La primera vez que oyó hablar del bisonte azul sangraba por la nariz. El chelo es un instrumento incómodo de ejecutar en la calle. De ello se convencía Martisa con desaliento de intérprete mientras los viandantes fluían, resignándose a una tarea que justificara la prisa. Aunque emanasen grandes éxitos de aquellas cuerdas, pocos frenaban, cediendo a la música. Menos aún colaboraban con monedas para llenar la boca abierta de su estuche. La llegada de Paulo, compañero de conservatorio, le sirvió de eximente. Recogió su equipo y caminaron calle abajo. Invirtió sus flacas ganancias en un café para llevar y, mientras pagaba, Paulo recibió un mensaje en su teléfono. Segundos después se burlaba de lo crédulo que era su amigo. Aquel decía que ganaría mil euros haciendo fotos a una pintada. Que era un reto de ámbito local, a través de las redes sociales. Entonces pasó el móvil a Martisa, quien, retomando el camino, observó una foto del amigo en cuestión y un grafiti a su espalda, sobre una pared de piedra.

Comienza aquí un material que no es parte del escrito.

(* Let $\Xi:M_p\to M_q$ be an entanglement-breaking channel $\Xi(X)=\sum_{i=1}^l\mathrm{Tr}[XM_i]\sigma_i$, where $(M_i)_{i=1}^l$ is a POVM on $\mathbb C^p$ with $\|M_i\|_\infty=1$ for all $i$ and $\sigma_i\in D_q$, and let $\Psi:M_N\to M_k$ be any quantum channel. Then $$K_{\Xi\otimes\Psi}=K_\Xi\otimes K_\Psi,$$ where $K_{\Xi\otimes\Psi}=(\Xi\otimes\Psi)(D_{pN})$, $K_\Xi=\Xi(D_p)$, $K_\Psi=\Psi(D_N)$, and $K_\Xi\otimes K_\Psi$ denotes the smallest convex set containing all $X\otimes Y$ with $X\in K_\Xi$, $Y\in K_\Psi$.
   Context: A POVM is a family of positive semidefinite matrices summing to the identity; $D_d$ is the set of $d\times d$ density matrices; $\|\cdot\|_\infty$ is the operator norm. *)

From mathcomp Require Import all_boot all_algebra.
From mathcomp Require Export complex mxtens.
From mathcomp Require Export reals.
Set Implicit Arguments. Unset Strict Implicit. Unset Printing Implicit Defensive.
Import GRing.Theory Num.Theory.
Local Open Scope ring_scope.

Section QDefs.
Variable C : numClosedFieldType.

Definition adjmx m n (A : 'M[C]_(m, n)) : 'M[C]_(n, m) := (map_mx Num.conj A)^T.

Definition vnorm n (v : 'cV[C]_n) : C := sqrtC (\sum_(j < n) `|v j 0| ^+ 2).

Definition is_opnorm n (A : 'M[C]_n) (c : C) : Prop :=
  (forall v : 'cV[C]_n, vnorm v = 1 -> vnorm (A *m v) <= c) /\
  (forall d : C, (forall v : 'cV[C]_n, vnorm v = 1 -> vnorm (A *m v) <= d) -> c <= d).

Definition psd n (A : 'M[C]_n) : Prop :=
  adjmx A = A /\ forall v : 'cV[C]_n, 0 <= (adjmx v *m A *m v) 0 0.

Definition density n (rho : 'M[C]_n) : Prop := psd rho /\ \tr rho = 1.

Definition povm n l (E : 'I_l -> 'M[C]_n) : Prop :=
  (forall j, psd (E j)) /\ \sum_(j < l) E j = 1%:M.

Definition is_linear_map m n (Phi : 'M[C]_m -> 'M[C]_n) : Prop :=
  forall (a : C) (X Y : 'M[C]_m), Phi (a *: X + Y) = a *: Phi X + Phi Y.

(* id_{M_r} (x) Phi acting on M_r (x) M_m = M_(r*m), in the Kronecker
   index convention of mxtens_index *)
Definition ampl r m n (Phi : 'M[C]_m -> 'M[C]_n) (X : 'M[C]_(r * m))
  : 'M[C]_(r * n) :=
  \matrix_(i, j)
    Phi (\matrix_(s, t) X (mxtens_index ((mxtens_unindex i).1, s))
                           (mxtens_index ((mxtens_unindex j).1, t)))
      (mxtens_unindex i).2 (mxtens_unindex j).2.

Definition completely_positive m n (Phi : 'M[C]_m -> 'M[C]_n) : Prop :=
  forall r (X : 'M[C]_(r * m)), psd X -> psd (ampl Phi X).

Definition trace_preserving m n (Phi : 'M[C]_m -> 'M[C]_n) : Prop :=
  forall X, \tr (Phi X) = \tr X.

Definition quantum_channel m n (Phi : 'M[C]_m -> 'M[C]_n) : Prop :=
  [/\ is_linear_map Phi, completely_positive Phi & trace_preserving Phi].

(* the linear map Phi (x) Psi : M_(m*p) -> M_(n*q), determined by
   (Phi (x) Psi)(E_ab (x) E_st) = Phi(E_ab) (x) Psi(E_st) *)
Definition tensmap m n p q (Phi : 'M[C]_m -> 'M[C]_n) (Psi : 'M[C]_p -> 'M[C]_q)
  (X : 'M[C]_(m * p)) : 'M[C]_(n * q) :=
  \sum_(a < m) \sum_(b < m) \sum_(s < p) \sum_(t < p)
     X (mxtens_index (a, s)) (mxtens_index (b, t)) *:
       (Phi (delta_mx a b) *t Psi (delta_mx s t)).

Definition image_of_states m n (Phi : 'M[C]_m -> 'M[C]_n) : 'M[C]_n -> Prop :=
  fun Z => exists rho, density rho /\ Phi rho = Z.

Definition convex_set n (T : 'M[C]_n -> Prop) : Prop :=
  forall (t : C) X Y, 0 <= t <= 1 -> T X -> T Y -> T (t *: X + (1 - t) *: Y).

Era un bisonte azul, dibujado como pintura rupestre. Bajo el mismo, una firma: Cuevaducto. Poco tardó en acceder al perfil de ese grafitero, en el que se alojaba tan solo una imagen y un vídeo. La captura era un primer plano del dibujo. En el vídeo, alguien permanecía estático en el centro, ataviado con una gabardina negra, camisa blanca, corbata roja, bombín y una enorme manzana verde colgando del mismo, obstaculizando por completo la visualización de su rostro. Martisa reconoció rápidamente el acto como un homenaje al famoso cuadro de Magritte. El tipo declaró que había esbozado un bisonte idéntico en cada municipio de Sevilla. En las plazas más céntricas. Y que ingresaría mil euros a la primera persona que subiese a su perfil fotos de ellos mismos con cada uno de los grafitis de fondo. Pero que, como contraposición, si esto se resolvía, la ciudad perdería una importante obra de arte. No especificaba cuál ni cómo, pero esto lo supo Martisa más tarde, porque centrada en el vídeo no divisó la farola con la que acabó chocando, convirtiendo su nariz en un gotero caliente.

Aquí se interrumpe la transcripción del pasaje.